Our results have some implications on the potential use of the ICECAP instruments in economic evaluations as well. As opposed to ICECAP-O, ICECAP-A has been developed for the use among the entire adult population and thus a preferred option for use in economic evaluation [8]. Our results imply that in economic evaluations, when two health states are compared, using ICECAP-A might result in a larger difference in scores than the ICECAP-O. This indicates that ICECAP-A might magnify the benefit of health care interventions in terms of improvement in capability wellbeing compared to the scenario when ICECAP-O is applied. On the other hand, using ICECAP-O may potentially underestimate gains in capability wellbeing, especially among the working (working age) population where health status can affect people’s ability to work as well. None of the two instruments contain health as a separate conceptual attribute. However, health improves the capability to achieve desired functions such as meaningful relationships (ICECAP-A and ICECAP-O attachment), enjoyment of life (enjoyment), independence (ICECAP-A autonomy and ICECAP-O control) [10]. Also, health strongly affects the ability to work among the working population, and working itself results in higher ICECAP-A scores, most probably because it gives people the feelings of progress and achievement (ICECAP-A achievement).

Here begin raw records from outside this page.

Lemma bounded_seq_extraction (u : nat -> R) :
  bounded_seq u -> exists psi, extraction psi /\ ex_finite_lim_seq (fun n => u (psi n)).
Proof.
  intros [B HB].
  destruct (Rtopology.Bolzano_Weierstrass u (fun x => -B <= x <= B)) as [l Hl].
  - apply Rtopology.compact_P3.
  - intro n; apply Rabs_le_between, HB.
  - destruct (cluster_point_extraction u l) as (psi & Hpsi & Hlim).
    + intros eps N. destruct (Hl (fun x => Rabs (x - l) < eps) (S N)) as (p & HNp & Hp).
      * exists eps; intros x Hx; exact Hx.
      * exists p; split; [lia | exact Hp].
    + exists psi; split; [exact Hpsi | now exists l].
Qed.

(* Arbitrary on unbounded sequences: being total, it can be iterated in [nested_extraction]. *)
Definition cvg_extraction (u : nat -> R) : nat -> nat :=
  epsilon (inhabits (fun n => n))
    (fun psi => extraction psi /\ (bounded_seq u -> ex_finite_lim_seq (fun n => u (psi n)))).

Lemma cvg_extraction_spec (u : nat -> R) :
  extraction (cvg_extraction u) /\
  (bounded_seq u -> ex_finite_lim_seq (fun n => u (cvg_extraction u n))).
Proof.
  unfold cvg_extraction. apply (epsilon_spec _ (fun psi =>
    extraction psi /\ (bounded_seq u -> ex_finite_lim_seq (fun n => u (psi n))))).
  destruct (classic (bounded_seq u)) as [Hu | Hu].
  - destruct (bounded_seq_extraction u Hu) as (psi & Hpsi & Hlim). now exists psi.
  - exists (fun n => n). split; [intro n; lia | intro; contradiction].
Qed.

Fixpoint nested_extraction (w : nat -> nat -> R) (m : nat) : nat -> nat :=
  match m with
  | O => cvg_extraction (w O)
  | S m' => let phi := nested_extraction w m' in
            fun n => phi (cvg_extraction (fun i => w m (phi i)) n)
  end.

Lemma extraction_nested (w : nat -> nat -> R) (m : nat) : extraction (nested_extraction w m).
Proof.
  induction m as [|m IH]; simpl; [apply cvg_extraction_spec|].
  apply extraction_comp; [exact IH | apply cvg_extraction_spec].
Qed.

Lemma nested_extraction_cvg (w : nat -> nat -> R) (m : nat) :
  bounded_seq (w m) -> ex_finite_lim_seq (fun n => w m (nested_extraction w m n)).
Proof.
  intros [B HB]. destruct m as [|m]; simpl.
  - apply (proj2 (cvg_extraction_spec (w O))). now exists B.
  - apply (proj2 (cvg_extraction_spec (fun i => w (S m) (nested_extraction w m i)))).
    exists B; intro n; apply HB.
Qed.

Lemma nested_extraction_sub (w : nat -> nat -> R) (m p n : nat) :
  exists r, (n <= r)%nat /\ nested_extraction w (p + m) n = nested_extraction w m r.
Proof.
  revert n. induction p as [|p IH]; intro n; [now exists n|].
  set (psi := cvg_extraction (fun i => w (S (p + m)) (nested_extraction w (p + m) i))).
  destruct (IH (psi n)) as (r & Hr & Heq).
  exists r. split; [|exact Heq].
  pose proof (extraction_ge_id psi (proj1 (cvg_extraction_spec _)) n). lia.
Qed.

Lemma diagonal_extraction (w : nat -> nat -> R) :
  (forall m, bounded_seq (w m)) ->
  exists phi, extraction phi /\ forall m, ex_finite_lim_seq (fun n => w m (phi n)).
Proof.
  intro Hw. exists (fun n => nested_extraction w n n). split.
  - intro n; simpl. apply extraction_lt; [apply extraction_nested|].
    pose proof (extraction_ge_id _ (proj1 (cvg_extraction_spec
      (fun i => w (S n) (nested_extraction w n i)))) (S n)). lia.
  - intro m. destruct (nested_extraction_cvg w m (Hw m)) as [l Hl].
    exists l. apply is_lim_seq_spec. intro eps.
    destruct (proj2 (is_lim_seq_spec _ _) Hl eps) as [N HN].
    exists (N + m)%nat. intros n Hn.
    replace n with (n - m + m)%nat at 1 by lia.
    destruct (nested_extraction_sub w m (n - m) n) as (r & Hr & ->).
    apply HN. lia.
Qed.

Lemma Rabs_fst_le_Cmod (z : C) : Rabs (fst z) <= Cmod z.
Proof. eapply Rle_trans; [apply Rmax_l | apply Rmax_Cmod]. Qed.

Lemma Rabs_snd_le_Cmod (z : C) : Rabs (snd z) <= Cmod z.
Proof. eapply Rle_trans; [apply Rmax_r | apply Rmax_Cmod]. Qed.

Lemma Cmod_le_Rabs_fst_snd (z : C) : Cmod z <= Rabs (fst z) + Rabs (snd z).
Proof.
  destruct z as [x y]. unfold Cmod; simpl.
  rewrite <- (sqrt_Rsqr (Rabs x + Rabs y)) by (pose proof (Rabs_pos x); pose proof (Rabs_pos y); lra).
  apply sqrt_le_1_alt. unfold Rsqr.
  pose proof (pow2_abs x); pose proof (pow2_abs y); pose proof (Rabs_pos x); pose proof (Rabs_pos y).
  simpl in *; nra.
Qed.

Lemma Cmod_sub_le (z w : C) : Cmod (z - w) <= Cmod z + Cmod w.
Proof. rewrite <- (Cmod_opp w). apply Cmod_triangle. Qed.

Lemma Cmod_Cseries_le (v : seqC) (g : nat -> R) :
  (forall n, Cmod (v n) <= g n) -> ex_series g -> Cmod (Cseries v) <= 2 * Series g.
Proof.
  intros Hvg Hg.
  destruct (Series_Rabs_le (fun n => fst (v n)) g) as [_ Hfst]; auto.
  { intro n; eapply Rle_trans; [apply Rabs_fst_le_Cmod | apply Hvg]. }
  destruct (Series_Rabs_le (fun n => snd (v n)) g) as [_ Hsnd]; auto.
  { intro n; eapply Rle_trans; [apply Rabs_snd_le_Cmod | apply Hvg]. }
  eapply Rle_trans; [apply Cmod_le_Rabs_fst_snd|]. unfold Cseries; simpl. lra.
Qed.

Lemma Cseries_finite_support (v : seqC) (N : nat) :
  (forall n, (N < n)%nat -> v n = 0%C) -> Cseries v = sum_n v N.
Proof.
  intro Hv.
  assert (Hproj : forall p : C -> R, p 0%C = 0 -> (forall z w, p (z + w)%C = p z + p w) ->
            Series (fun n => p (v n)) = p (sum_n v N)).
  { intros p Hp0 Hpadd. replace (p (sum_n v N)) with (sum_n (fun n => p (v n)) N).
    - apply is_series_unique, is_series_finite_support. intros n Hn; now rewrite Hv.
    - clear Hv. induction N as [|N IH]; [now rewrite !sum_O|].
      now rewrite !sum_Sn, IH, Hpadd. }
  unfold Cseries. apply injective_projections; simpl; apply Hproj; reflexivity.
Qed.

Lemma norminf_le (a : seqC) (B : R) : (forall n, Cmod (a n) <= B) -> 0 <= norminf a <= B.
Proof.
  intro HB. unfold norminf.
  assert (Hlow : Rbar_le (Cmod (a 0%nat)) (Sup_seq (fun n => Finite (Cmod (a n)))))
    by (apply (Sup_seq_minor_le _ _ 0%nat); simpl; lra).
  assert (Hup : Rbar_le (Sup_seq (fun n => Finite (Cmod (a n)))) B).
  { apply Rbar_not_lt_le. intro Hlt. apply Sup_seq_minor_lt in Hlt.
    destruct Hlt as [n Hn]. specialize (HB n). simpl in Hn. lra. }
  destruct (Sup_seq (fun n => Finite (Cmod (a n)))); simpl in *; try contradiction.
  pose proof (Cmod_ge_0 (a 0%nat)). lra.
Qed.

Lemma sum_n_single {G : AbelianMonoid} (i : nat) (x : G) (N : nat) :
  sum_n (fun m => if Nat.eqb i m then x else zero) N = if (i <=? N)%nat then x else zero.
Proof.
  induction N as [|N IH].
  - rewrite sum_O. destruct (Nat.eqb_spec i 0), (Nat.leb_spec i 0); [reflexivity | lia | lia | reflexivity].
  - rewrite sum_Sn, IH.
    destruct (Nat.eqb_spec i (S N)), (Nat.leb_spec i N), (Nat.leb_spec i (S N)); try lia;
      now rewrite ?plus_zero_l, ?plus_zero_r.
Qed.

Definition unit_seq (i : nat) : seqC := fun m => if Nat.eqb i m then 1%C else 0%C.

Lemma norm1_unit_seq (i : nat) : in_l1 (unit_seq i) /\ norm1 (unit_seq i) = 1.
Proof.
  assert (Hcmod : forall m, Cmod (unit_seq i m) = if Nat.eqb i m then 1 else 0).
  { intro m; unfold unit_seq; destruct (Nat.eqb i m); [apply Cmod_1 | apply Cmod_0]. }
  assert (Hser : is_series (fun m => Cmod (unit_seq i m)) 1).
  { replace 1 with (sum_n (fun m => Cmod (unit_seq i m)) i).
    - apply is_series_finite_support. intros m Hm.
      rewrite Hcmod. destruct (Nat.eqb_spec i m); [lia | reflexivity].
    - rewrite (sum_n_ext _ _ _ Hcmod), (sum_n_single (G := R_AbelianMonoid)).
      now rewrite Nat.leb_refl. }
  split; [now exists 1 | now apply is_series_unique].
Qed.

Lemma sum_n_mul_unit_seq (q : nat -> C) (k N : nat) :
  sum_n (fun n => (q n * unit_seq n k)%C) N = if (k <=? N)%nat then q k else RtoC 0.
Proof.
  rewrite (sum_n_ext _ (fun n => if Nat.eqb k n then q k else zero)).
  - apply (sum_n_single (G := C_AbelianMonoid)).
  - intro n; unfold unit_seq; rewrite Nat.eqb_sym.
    destruct (Nat.eqb_spec k n) as [->|_]; [apply Cmult_1_r | apply Cmult_0_r].
Qed.

Lemma Cmod_pairing_le (a x : seqC) (b : R) :
  in_l1 a -> (forall m, Cmod (x m) <= b) -> Cmod (pairing a x) <= 2 * norm1 a * b.
Proof.
  intros Ha Hx. unfold pairing, norm1.
  rewrite Rmult_assoc, Rmult_comm with (r1 := Series _), <- Series_scal_l.
  apply Cmod_Cseries_le; [|now apply ex_series_scal].
  intro m. rewrite Cmod_mult, Rmult_comm.
  apply Rmult_le_compat_r; [apply Cmod_ge_0 | apply Hx].
Qed.

Lemma nuclear_l1_dominated_rows (T : seqC -> seqC) (x : nat -> seqC) (B : nat -> R) :
  (forall n m, Cmod (x n m) <= B n) -> ex_series B ->
  (forall a, in_l1 a -> forall n, T a n = pairing a (x n)) -> nuclear_l1 T.
Proof.
  intros Hx HB HT. exists x, unit_seq.
  split; [intro n; now exists (B n)|].
  split; [intro n; apply norm1_unit_seq|].
  split.
  { apply (ex_series_Rabs_le _ B); [intro n|exact HB].
    rewrite (proj2 (norm1_unit_seq n)), Rmult_1_r.
    destruct (norminf_le (x n) (B n) (Hx n)). rewrite Rabs_pos_eq; lra. }
  intros a Ha.
  assert (HTa : in_l1 (T a)).
  { apply (ex_series_Rabs_le _ (fun k => 2 * norm1 a * B k)); [|now apply ex_series_scal].
    intro k. rewrite Rabs_pos_eq by apply Cmod_ge_0.
    rewrite HT by exact Ha. now apply Cmod_pairing_le. }
  split; [exact HTa|].
  eapply is_lim_seq_ext; [|apply (is_lim_seq_Series_sub_sum_n _ HTa)].
  intro N. unfold norm1. rewrite <- Series_drop_upto by exact HTa.
  apply Series_ext. intro k. rewrite sum_n_mul_unit_seq. unfold drop_upto.
  destruct (k <=? N)%nat.
  - rewrite <- HT by exact Ha. rewrite (proj1 (Ceq_minus _ _) eq_refl). symmetry; apply Cmod_0.
  - unfold Cminus. now rewrite Copp_0, Cplus_0_r.
Qed.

Our findings may also help to provide guidance on the selection of the instruments in further research studies. Our results show that employment status is a crucial factor in driving the difference between ICECAP-A and ICECAP-O scores. In most cases, employment status is determined largely by age, thus using age as a simple cut-off for switching between the measures seems appropriate. Nevertheless, in some cases, it is the employment status of the target population, rather than the age, which could better drive the choice between the instruments in age groups around the retirement age. For example, ICECAP-A could be a preferred option to be used among people—even in older ages—if they are still active in the labor market (or only temporarily absent from work), as it better reflects losses in wellbeing due to their decreased ability to work. On the other hand, in inactive population groups (e.g. disability pensionaries), the ICECAP-O could be considered even in ages under 65. Given the potential increases in the retirement age in the future, recommending the use of ICECAP-O above the retirement age (rather than above a specific age cut-off of 65 years), as a rule of thumb, seems to be a potential simple solution to consider to strengthen the validity of the instrument in the long term.

Limitations

Some limitations of our study should be mentioned. The age of the studied population is limited to age 50–70; however, investigation could be extended to higher ages as well, especially in countries where retirement age and the life expectancy is substantially higher than in Hungary. Due to the cross-sectional nature of the study, we could not assess and compare the responsiveness of the ICECAP instruments to changes in this age group, and we cannot examine any causality issues either. Furthermore, our study has been carried out among the general population, so it is possible that studies focusing on specific patient populations would lead to different findings.

Conclusion

Our results confirmed the validity of both the ICECAP-A and ICECAP-O measures in the 50–70 age group and the two measures show good agreement with each other. In general, ICECAP-O results in higher scores than ICECAP-A in the 50–70 age group, and the difference increases with the decline of capability, health status and age. The employment status has larger impact on ICECAP-A scores than on ICECAP-O scores. Also, the difference between the two measures is determined mostly by health status (EQ-5D-5L) and employment status rather than age. Our research results are suggested to be considered for the choice of measures and design of capability wellbeing studies. Further research should investigate whether the choice of instruments (for a population around the retirement age) should also be linked to the respondent’s employment status.